# Best GW5015016



## Professorx (Mar 24, 2013)

Hey guys,

Just want to share my exp with you about friends of me who tried GW of many sources.

The best they tried in tabs : http://www.sarms-supply.com/gw501516-c-95.html

Apparently, its better at 5mg than some liquid gw at 70mg of uniquechemicals for example.

Its just reviews some friends, not me but I ordered, and will give a try in one month. I will log this.


----------



## funkdocta (May 29, 2013)

Its an interesting drug. Im not sure about the reports Glaxo stopped working on it as it was shown to cause cancer in the lab rats.

What experiences have you friends got from it? Im looking forward to hearing how do with it.


----------



## Professorx (Mar 24, 2013)

Cancer causes are noticed on a dosage x100 - x1000 the normal dose.

Its an endurance drug, they noticed an instant energy boost and after the cycle : a significant increase of endurance.

I will use it for mma with EQ and test


----------



## funkdocta (May 29, 2013)

Professorx said:


> Cancer causes are noticed on a dosage x100 - x1000 the normal dose.
> 
> Its an endurance drug, they noticed an instant energy boost and after the cycle : a significant increase of endurance.
> 
> I will use it for mma with EQ and test


Sounds good! I hear you have to watch your HDL with it too. Some logs ive read people reported being able to run fast and for longer straight away and train harder without fatigue. Im in if you start a log


----------



## Mikluz (Oct 3, 2013)

do you guys know any other sitee from europe expect sarms supply and researchsarms?


----------



## SSJay (Feb 11, 2011)

fcuk risking cancer with this sh!t there are far better muscle builders with less risks involved.


----------



## 3752 (Jan 7, 2005)

Professorx said:


> Cancer causes are noticed on a dosage x100 - x1000 the normal dose.
> 
> Its an endurance drug, they noticed an instant energy boost and after the cycle : a significant increase of endurance.
> 
> I will use it for mma with EQ and test


this is true but this is in lab rats what is the dose for humans where this risk is applied??


----------



## Machette (Oct 29, 2011)

Pscarb said:


> this is true but this is in lab rats what is the dose for humans where this risk is applied??

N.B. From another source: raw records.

(* With [w = e^(2 pi i / k)], the discrete Fourier filter
   [(1/k) sum_l w^(-j l) w^(l n)] is [1] when [n = j mod k] and [0] otherwise.
   Since [|z w^l| = |z|], every rotated coherent state [|z w^l>] carries the
   same normalization [N(|z|)], so the weighted sum of the [k] rotated states
   keeps exactly the components [|n k + j>] of [|z>], which is the hypercat up
   to the ratio of normalizations. *)

Lemma csum_ext f g m :
  (forall l, (l < m)%nat -> f l = g l) -> csum f m = csum g m.
Proof.
  induction m as [|m IH]; intros Hfg; simpl; [reflexivity|].
  rewrite IH by (intros; apply Hfg; lia). rewrite Hfg by lia. reflexivity.
Qed.

Lemma csum_mult_l a f m : csum (fun l => Cmult a (f l)) m = Cmult a (csum f m).
Proof.
  induction m as [|m IH]; simpl.
  - apply injective_projections; simpl; ring.
  - rewrite IH. ring.
Qed.

Lemma csum_const c m : csum (fun _ => c) m = Cmult (RtoC (INR m)) c.
Proof.
  induction m as [|m IH].
  - apply injective_projections; simpl; ring.
  - cbn [csum]. rewrite IH, S_INR, RtoC_plus. ring.
Qed.

Lemma csum_geometric w m :
  Cmult (Cminus w (RtoC 1)) (csum (fun l => Cpow w l) m) = Cminus (Cpow w m) (RtoC 1).
Proof.
  induction m as [|m IH]; simpl; [ring|].
  rewrite Cmult_plus_distr_l, IH. ring.
Qed.

Lemma csum_pow_root_of_unity w m :
  Cpow w m = RtoC 1 -> w <> RtoC 1 -> csum (fun l => Cpow w l) m = RtoC 0.
Proof.
  intros Hwm Hw1.
  assert (Hd : Cminus w (RtoC 1) <> RtoC 0).
  { intros E. apply Hw1.
    replace w with (Cplus (Cminus w (RtoC 1)) (RtoC 1)) by ring. rewrite E. ring. }
  pose proof (csum_geometric w m) as Hg. rewrite Hwm in Hg.
  transitivity (Cmult (Cinv (Cminus w (RtoC 1)))
                       (Cmult (Cminus w (RtoC 1)) (csum (fun l => Cpow w l) m))).
  - field. exact Hd.
  - rewrite Hg. ring.
Qed.

Lemma csum_ket f m i :
  csum (fun n => Cmult (f n) (ket n i)) m = if (i <? m)%nat then f i else RtoC 0.
Proof.
  induction m as [|m IH]; simpl.
  - destruct (Nat.ltb_spec i 0); [lia | reflexivity].
  - rewrite IH. unfold ket.
    destruct (Nat.ltb_spec i m), (Nat.eqb_spec i m), (Nat.ltb_spec i (S m));
      try lia; subst; ring.
Qed.

Lemma csum_ket_stride f M k j a b : (b < k)%nat -> (j < k)%nat ->
  csum (fun n => Cmult (f n) (ket (n * k + j) (k * a + b))) M =
  if andb (b =? j)%nat (a <? M)%nat then f a else RtoC 0.
Proof.
  intros Hb Hj.
  assert (Hdigits : forall m, (k * a + b = m * k + j)%nat -> a = m /\ b = j).
  { intros m E. assert (a = m) by (destruct (Nat.lt_total a m) as [h|[h|h]]; nia).
    split; nia. }
  induction M as [|M IH]; simpl.
  - rewrite Bool.andb_false_r. reflexivity.
  - rewrite IH. unfold ket.
    destruct (Nat.eqb_spec (k * a + b) (M * k + j)) as [E|E].
    + destruct (Hdigits M E) as [-> ->].
      rewrite Nat.eqb_refl, Nat.ltb_irrefl.
      replace (M <? S M)%nat with true by (symmetry; apply Nat.ltb_lt; lia).
      simpl. ring.
    + destruct (Nat.eqb_spec b j), (Nat.ltb_spec a M), (Nat.ltb_spec a (S M));
        simpl; try ring; try lia.
      assert (a = M) by lia. subst. lia.
Qed.

Lemma cexpi_add a b : Cmult (cexpi a) (cexpi b) = cexpi (a + b).
Proof.
  unfold cexpi. rewrite cos_plus, sin_plus.
  apply injective_projections; simpl; ring.
Qed.

Lemma cexpi_0 : cexpi 0 = RtoC 1.
Proof. unfold cexpi. rewrite cos_0, sin_0. reflexivity. Qed.

Lemma cexpi_pow t n : Cpow (cexpi t) n = cexpi (INR n * t).
Proof.
  induction n as [|n IH]; simpl Cpow.
  - rewrite Rmult_0_l, cexpi_0. reflexivity.
  - rewrite IH, cexpi_add, S_INR. f_equal. ring.
Qed.

Lemma cexpi_add_2PI_mult x n : cexpi (x + 2 * PI * INR n) = cexpi x.
Proof.
  unfold cexpi. replace (2 * PI * INR n) with (2 * INR n * PI) by ring.
  rewrite cos_period, sin_period. reflexivity.
Qed.

Lemma Cmod_cexpi t : Cmod (cexpi t) = 1.
Proof.
  unfold Cmod, cexpi; simpl.
  pose proof (sin2_cos2 t) as H. unfold Rsqr in H.
  replace (cos t * (cos t * 1) + sin t * (sin t * 1)) with 1 by lra.
  apply sqrt_1.
Qed.

Lemma cexpi_neq_1 x : 0 < Rabs x < 2 * PI -> cexpi x <> RtoC 1.
Proof.
  intros Hx E. unfold cexpi, RtoC in E. injection E as Hcos Hsin.
  destruct (sin_eq_0_0 x Hsin) as [m ->].
  pose proof PI_RGT_0.
  rewrite Rabs_mult, (Rabs_pos_eq PI) in Hx by lra.
  assert (Hm : 0 < Rabs (IZR m) < 2) by (split; nra).
  rewrite <- abs_IZR in Hm. destruct Hm as [Hm0 Hm2].
  apply lt_IZR in Hm0. apply lt_IZR in Hm2.
  assert (m = 1%Z \/ m = (-1)%Z) as [-> | ->] by lia.
  - rewrite Rmult_1_l, cos_PI in Hcos. lra.
  - replace (IZR (-1) * PI) with (- PI) in Hcos by (simpl; ring).
    rewrite cos_neg, cos_PI in Hcos. lra.
Qed.

Lemma roots_of_unity_filter k j n : (0 < k)%nat -> (j < k)%nat ->
  csum (fun l => Cmult (cexpi (- (2 * PI * INR j * INR l / INR k)))
                       (Cpow (cexpi (2 * PI * INR l / INR k)) n)) k
  = if (n mod k =? j)%nat then RtoC (INR k) else RtoC 0.
Proof.
  intros Hk Hj.
  assert (HkR : 0 < INR k) by (apply lt_0_INR; exact Hk).
  set (b := (n mod k)%nat).
  assert (Hb : (b < k)%nat) by (apply Nat.mod_upper_bound; lia).
  assert (Hn : INR n = INR k * INR (n / k) + INR b).
  { rewrite <- mult_INR, <- plus_INR. f_equal. apply Nat.div_mod_eq. }
  set (w := cexpi (2 * PI * (INR b - INR j) / INR k)).
  (* each term is [w^l], up to the full turns [2 pi l (n / k)] *)
  rewrite (csum_ext _ (fun l => Cpow w l)).
  2:{ intros l _. unfold w. rewrite !cexpi_pow, cexpi_add.
      rewrite <- (cexpi_add_2PI_mult (INR l * _) (l * (n / k))).
      f_equal. rewrite mult_INR, Hn. field. lra. }
  destruct (Nat.eqb_spec b j) as [<- | Hbj].
  - unfold w. replace (2 * PI * (INR b - INR b) / INR k) with 0 by (field; lra).
    rewrite cexpi_0, (csum_ext _ (fun _ => RtoC 1)) by (intros; apply Cpow_1_l).
    rewrite csum_const. ring.
  - apply csum_pow_root_of_unity.
    + unfold w. rewrite cexpi_pow.
      replace (INR k * (2 * PI * (INR b - INR j) / INR k))
        with (- (2 * PI * INR j) + 2 * PI * INR b) by (field; lra).
      rewrite cexpi_add_2PI_mult, <- cexpi_0, <- (cexpi_add_2PI_mult _ j).
      f_equal. ring.
    + apply cexpi_neq_1.
      assert (Hbj' : INR b <> INR j) by (intros E; apply Hbj, INR_eq, E).
      assert (HbR : INR b < INR k) by (apply lt_INR, Hb).
      assert (HjR : INR j < INR k) by (apply lt_INR, Hj).
      pose proof (pos_INR b). pose proof (pos_INR j). pose proof PI_RGT_0.
      set (t := (INR b - INR j) / INR k).
      assert (Ht : t * INR k = INR b - INR j) by (unfold t; field; lra).
      replace (2 * PI * (INR b - INR j) / INR k) with (2 * PI * t) by (unfold t; field; lra).
      assert (-1 < t < 1) by (split; nra).
      assert (t <> 0) by (intros E; rewrite E in Ht; lra).
      split; [apply Rabs_pos_lt; nra | apply Rabs_def1; nra].
Qed.

Lemma rsum_nonneg f m : (forall n, 0 <= f n) -> 0 <= rsum f m.
Proof.
  intros Hf. induction m as [|m IH]; simpl; [lra|].
  specialize (Hf m). lra.
Qed.

Lemma rsum_ge_term f m n : (forall i, 0 <= f i) -> (n < m)%nat -> f n <= rsum f m.
Proof.
  intros Hf. induction m as [|m IH]; intros Hn; [lia|]. simpl.
  destruct (Nat.eq_dec n m) as [->|Hnm].
  - pose proof (rsum_nonneg f m Hf). lra.
  - specialize (Hf m). pose proof (IH ltac:(lia)). lra.
Qed.

Lemma rprod_const_1 m : rprod (fun _ => 1) m = 1.
Proof. induction m as [|m IH]; simpl; [reflexivity|]. rewrite IH. ring. Qed.

Lemma coef_0 p q alpha beta : coef p q alpha beta 0 = 1.
Proof. unfold coef. cbn [poch]. rewrite !rprod_const_1. simpl. field. Qed.

Lemma Nnorm_pos p q alpha beta N r : 0 < Nnorm p q alpha beta N r.
Proof.
  unfold Nnorm.
  set (f := fun n => Rabs (coef p q alpha beta n) * r ^ (2 * n)).
  assert (Hf : forall n, 0 <= f n).
  { intros n. unfold f. rewrite pow_sqr. apply Rmult_le_pos.
    - apply Rabs_pos.
    - apply pow_le, Rle_0_sqr. }
  apply Rlt_le_trans with (f 0%nat); [|apply rsum_ge_term; [exact Hf | lia]].
  unfold f. rewrite coef_0, Rabs_R1. simpl. lra.
Qed.

Lemma Fkj_nonneg p q alpha beta N k j r :
  0 <= r -> 0 <= Fkj p q alpha beta N k j r.
Proof.
  intros Hr. apply rsum_nonneg. intros n.
  apply Rmult_le_pos; [apply Rabs_pos | apply pow_le, Hr].
Qed.

Lemma Cmod_mult_cexpi z t : Cmod (Cmult z (cexpi t)) = Cmod z.
Proof. rewrite Cmod_mult, Cmod_cexpi. ring. Qed.

Lemma hcs_component p q alpha beta N s w i :
  hcs p q alpha beta N s w i =
  Cmult (RtoC (/ sqrt (Nnorm p q alpha beta N (Cmod w))))
        (if (i <? N + 1)%nat then Cmult (s i) (Cpow w i) else RtoC 0).
Proof. unfold hcs, vscale, vsum. rewrite csum_ket. reflexivity. Qed.

Lemma hypercat_component p q alpha beta N s k j z a b :
  (b < k)%nat -> (j < k)%nat ->
  hypercat p q alpha beta N s k j z (k * a + b) =
  Cmult (RtoC (/ sqrt (Fkj p q alpha beta N k j (Cmod z))))
        (if andb (b =? j)%nat (a <? (N + 1) / k)%nat
         then Cmult (s (k * a + b)%nat) (Cpow z (k * a + b)) else RtoC 0).
Proof.
  intros Hb Hj. unfold hypercat, vscale, vsum.
  rewrite (csum_ket_stride (fun n => Cmult (s (n * k + j)%nat) (Cpow z (n * k + j))))
    by assumption.
  destruct (Nat.eqb_spec b j) as [<-|]; simpl; [|reflexivity].
  replace (a * k + b)%nat with (k * a + b)%nat by lia. reflexivity.
Qed.

Lemma rotated_hcs_sum_component p q alpha beta N s k j z i :
  (0 < k)%nat -> (j < k)%nat ->
  csum (fun l => Cmult (cexpi (- (2 * PI * INR j * INR l / INR k)))
                       (hcs p q alpha beta N s (Cmult z (cexpi (2 * PI * INR l / INR k))) i)) k
  = Cmult (RtoC (/ sqrt (Nnorm p q alpha beta N (Cmod z))))
          (if andb (i <? N + 1)%nat (i mod k =? j)%nat
           then Cmult (RtoC (INR k)) (Cmult (s i) (Cpow z i)) else RtoC 0).
Proof.
  intros Hk Hj.
  set (c := RtoC (/ sqrt (Nnorm p q alpha beta N (Cmod z)))).
  destruct (Nat.ltb_spec i (N + 1)); simpl.
  - rewrite (csum_ext _ (fun l => Cmult (Cmult c (Cmult (s i) (Cpow z i)))
        (Cmult (cexpi (- (2 * PI * INR j * INR l / INR k)))
               (Cpow (cexpi (2 * PI * INR l / INR k)) i)))).
    2:{ intros l _. rewrite hcs_component, Cmod_mult_cexpi, Cpow_mult_l.
        destruct (Nat.ltb_spec i (N + 1)); [|lia]. fold c. ring. }
    rewrite csum_mult_l, roots_of_unity_filter by assumption.
    destruct (i mod k =? j)%nat; ring.
  - rewrite (csum_ext _ (fun _ => RtoC 0)), csum_const; [ring|].
    intros l _. rewrite hcs_component.
    destruct (Nat.ltb_spec i (N + 1)); [lia|]. ring.
Qed.
(* Let $R$ be a principal ideal domain and $n\geq 2$. Let $J$ be the complex of representations of $(Q_{\mathfrak{A}_n},\rho_{\mathfrak{A}_n})$ with $J^{-1}=I_{H_1}\oplus I_{H_2}$, $J^0=\bigoplus_{i=1}^n I_{E_i}\oplus\bigoplus_{i=1}^n I_{P_i}$, $J^1=\bigoplus_{i=1}^n I_{P_i}$, zero elsewhere, with differential $J^{-1}\to J^0$ given by $\begin{pmatrix}\partial^0\\0\end{pmatrix}$ and $J^0\to J^1$ given by $(\partial^1\ \ 0)$, where $\partial^0:I_{H_1}\oplus I_{H_2}\to\bigoplus_i I_{E_i}$ has $E_i$-component $he_{1i}\oplus(-he_{2i})$, and $\partial^1:\bigoplus_j I_{E_j}\to\bigoplus_i I_{P_i}$ has $P_i$-component $e_{ii}$ on $I_{E_i}$, $-e_{(i+1)i}$ on $I_{E_{i+1}}$ and zero on all other summands (indices mod $n$). (This is a resolution of $W_1\oplus\dots\oplus W_n\oplus C[1]$, where $W_i$ has $R$ at $P_i$ and $0$ elsewhere and $C$ has $R$ at every vertex with identity maps.) Then $\operatorname{End} J$ is formal: there are a dg subalgebra $\mathcal{U}\subset\operatorname{End} J$ and a two-sided dg ideal $\mathcal{I}\subset\mathcal{U}$ giving a chain of quasi-isomorphisms of dg algebras $\operatorname{End} J\hookleftarrow\mathcal{U}\twoheadrightarrow\mathcal{U}/\mathcal{I}\hookleftarrow H(\mathcal{U}/\mathcal{I})$.
   Context: $\mathfrak{A}_n$ ($n\geq 2$) is the stratification of $S^2$ into $n$ points $P_1,\dots,P_n$ in cyclic order on a great circle, the $n$ open arcs $E_1,\dots,E_n$ of that circle, where $E_i$ has endpoints $P_{i-1}$ and $P_i$ (indices mod $n$, so $E_1$ joins $P_n$ and $P_1$), and the two open hemispheres $H_1,H_2$. The quiver $(Q_{\mathfrak{A}_n},\rho_{\mathfrak{A}_n})$ has one vertex per stratum, an arrow $S\to T$ whenever $S\subsetneq\overline T$, and relations identifying all paths with the same endpoints; representations are by $R$-modules. For a stratum $S$, $I_S$ is the representation with $R$ at every vertex $T$ with $T\subset\overline S$ and $0$ elsewhere, identity maps on arrows between copies of $R$, zero otherwise. For $T\subset\overline S$ the canonical morphism $I_S\to I_T$ is the identity of $R$ wherever both have $R$ and zero elsewhere; $he_{ji}:I_{H_j}\to I_{E_i}$ and $e_{ik}:I_{E_i}\to I_{P_k}$ (for $k\in\{i-1,i\}$ mod $n$) denote these canonical morphisms. $\operatorname{End} J$ is the Hom complex of $J$ with its dg algebra structure; a dg algebra is formal if it is connected to its cohomology algebra (zero differential) by a finite chain of quasi-isomorphisms (more generally quasi-equivalences). *)

From HB Require Import structures.
From mathcomp Require Import all_boot all_order all_algebra.
Set Implicit Arguments. Unset Strict Implicit. Unset Printing Implicit Defensive.
Import Order.TTheory GRing.Theory Num.Theory.
Local Open Scope ring_scope.
(* Let $f$ be a function of unitation on $\{0,1\}^n$ and let $\sigma=1$, $\kappa\in\mathbb{N}$ and $\mu\geq (n+1)\cdot\kappa$. Then the expected optimisation time of the $(\mu+1)$ EA with phenotypic clearing with clearing radius $\sigma$, niche capacity $\kappa$ and population size $\mu$ on $f$ is $O(\mu n\log n)$.
   Context: A function of unitation is $f:\{0,1\}^n\to\mathbb{R}$ with $f(x)=u(|x|_1)$ for some $u:\{0,\dots,n\}\to\mathbb{R}^+$, where $|x|_1$ is the number of 1-bits of $x$; fitness values are assumed positive. The optimisation time is the number of generations until a global maximum of $f$ is found. The $(\mu+1)$ EA with clearing (population size $\mu$, clearing radius $\sigma$, niche capacity $\kappa$, distance function $\mathrm{d}$): $P_0$ consists of $\mu$ bit strings chosen independently and uniformly at random. In generation $t$: choose a parent $x\in P_t$ uniformly at random; create $y$ by flipping each bit of $x$ independently with probability $1/n$; let $P_t^*=P_t\cup\{y\}$; update the fitness values of $P_t^*$ by the clearing procedure: sort $P_t^*$ by decreasing fitness; for $i=1,\dots,|P_t^*|$, if the current fitness of $P[i]$ is positive, set $w:=1$ and for $j=i+1,\dots,|P_t^*|$: if the current fitness of $P[j]$ is positive and $\mathrm{d}(P[i],P[j])<\sigma$ then, if $w<\kappa$ set $w:=w+1$, else set the fitness of $P[j]$ to $0$. Individuals whose fitness is not reset are winners, the others are cleared. Then choose $z\in P_t$ with worst (cleared) fitness uniformly at random; if the (cleared) fitness of $y$ is at least that of $z$, set $P_{t+1}=P_t^*\setminus\{z\}$, otherwise $P_{t+1}=P_t^*\setminus\{y\}$. Phenotypic clearing uses $\mathrm{d}(x,y)=\big||x|_1-|y|_1\big|$. *)

From HB Require Import structures.
From mathcomp Require Import all_boot all_order all_algebra.
From mathcomp Require Import Rstruct.
From Stdlib Require Reals.
From Stdlib Require Import Rdefinitions.

Set Implicit Arguments.
Unset Strict Implicit.
Unset Printing Implicit Defensive.

Import Order.TTheory GRing.Theory Num.Theory.
Local Open Scope ring_scope.

Definition bits (n : nat) := n.-tuple bool.

Definition ones {n} (x : bits n) : nat := count id x.

Definition hamming {n} (x y : bits n) : nat :=
  count id [seq p.1 != p.2 | p <- zip x y].

(* Standard bit mutation with rate 1/n: probability that x is mutated into y. *)
Definition mutprob {n} (x y : bits n) : R :=
  (n%:R^-1) ^+ hamming x y * (1 - n%:R^-1) ^+ (n - hamming x y).

Definition unit_fun {n} (u : nat -> R) (x : bits n) : R := u (ones x).

Definition pheno_dist {n} (x y : bits n) : R := `|(ones x)%:R - (ones y)%:R|.

(* The clearing procedure, for an indexed (multi)set Q : 'I_m -> T, fitness
   fit, distance d, radius sigma, capacity kappa, and an ordering [ord] of the
   indices (the result of sorting by decreasing fitness). *)
Section Clearing.
Variables (T : Type) (m : nat) (fit : T -> R) (d : T -> T -> R)
          (sigma : R) (kappa : nat) (Q : 'I_m -> T).

Definition clear_inner (i : 'I_m) (js : seq 'I_m) (cf : {ffun 'I_m -> R})
  : {ffun 'I_m -> R} :=
  (foldl (fun (st : nat * {ffun 'I_m -> R}) (j : 'I_m) =>
     let: (w, c) := st in
     if (0 < c j) && (d (Q i) (Q j) < sigma) then
       if leq w.+1 kappa then (w.+1, c)
       else (w, [ffun k => if k == j then 0 else c k])
     else st) (1%N, cf) js).2.
Lemma heads_zero_forcing Q : path_cover g Q -> zero_forcing_set g (heads Q).
Proof.
move=> C; set Cl := zf_closure g (heads Q).
have headsCl : heads Q \subset Cl := zf_closure_sub _.
apply/setP => v; rewrite inE; apply: contraT => vCl; exfalso.
(* A step [E a b] either enters [Cl] by going backwards along a path, or stays outside
   [Cl] without following a path; every such step extends to another one. *)
pose E a b :=
  g a b /\ if b \in Cl then a \notin Cl /\ path_succ Q b a else ~ path_succ Q a b.
have Eext a b : E a b -> exists z, [/\ g b z, z != a & E b z].
  case=> ab; case: ifP => bCl.
    case=> aCl ba; have [z [bz zCl za]] := zf_closure_out_neq bCl (path_succ_edge C ba) aCl.
    exists z; split; rewrite /E // (negbTE zCl); split=> // bz'.
    by case/eqP: za; apply: (path_succ_fun C bz' ba).
  move=> Nab; have [r rQ br] := path_cover_mem b C.
  have bhead : b != head b r.
    apply: contraFneq bCl => bh; apply: (subsetP headsCl); move: rQ; rewrite {}bh.
    by case: r br => // x t _ /mem_heads.
  have [r1 [c [r2 Er]]] := split_prev br bhead.
  have cb : path_succ Q c b by exists r => //; exists r1, r2.
  exists c; split; first by rewrite gsym (path_succ_edge C cb).
    by apply/eqP => ca; apply: Nab; rewrite -ca.
  split; first by rewrite gsym (path_succ_edge C cb).
  by case: ifP => _; [rewrite bCl | exact: path_succ_asym C cb].
have [r rQ vr] := path_cover_mem v C.
case: r rQ vr (path_cover_neq0 C rQ) => [|x t] // rQ vr _.
have xCl : x \in Cl by apply: (subsetP headsCl); exact: mem_heads rQ.
have vt : v \in t.
  by move: vr; rewrite inE => /predU1P [vx|//]; move: vCl; rewrite vx xCl.
have [|r1 [b [a [r2 [Er bCl aCl]]]]] := @split_exit _ (fun z => z \in Cl) x t xCl.
  by apply/allPn; exists v.
have ba : path_succ Q b a by exists (x :: t) => //; exists r1, r2.
have Eab : E a b by split; [rewrite gsym (path_succ_edge C ba) | rewrite bCl].
exact: (acyclic_no_endless_walk gsym girr acyc (fun a b (e : E a b) => e.1) Eext Eab).
Qed.

End ForestHeads.

End ZeroForcing.

Section ForcingChains.
Variables (V : finType) (g : rel V).
Implicit Types (A S : {set V}) (Q : seq (seq V)).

I dont think any human studies were done...

If they were someone please send me the links; would be interested!


----------



## Ian_Montrose (Nov 13, 2007)

Professorx said:


> Cancer causes are noticed on a dosage x100 - x1000 the normal dose.


DO you have any references to support this? The warning published by WADA quoted GSK as stating:

"*at all doses*, the drug rapidly causes cancers in a multitude of organs, including the liver, bladder, stomach, skin, thyroid, tongue, testes, ovaries and womb."


----------



## Machette (Oct 29, 2011)

Ian_Montrose said:


> DO you have any references to support this? The warning published by WADA quoted GSK as stating:
> 
> "*at all doses*, the drug rapidly causes cancers in a multitude of organs, including the liver, bladder, stomach, skin, thyroid, tongue, testes, ovaries and womb."


Wow fcuk that for a laugh then! Wouldnt touch it!


----------



## 3752 (Jan 7, 2005)

Ian_Montrose said:


> DO you have any references to support this? The warning published by WADA quoted GSK as stating:
> 
> "*at all doses*, the drug rapidly causes cancers in a multitude of organs, including the liver, bladder, stomach, skin, thyroid, tongue, testes, ovaries and womb."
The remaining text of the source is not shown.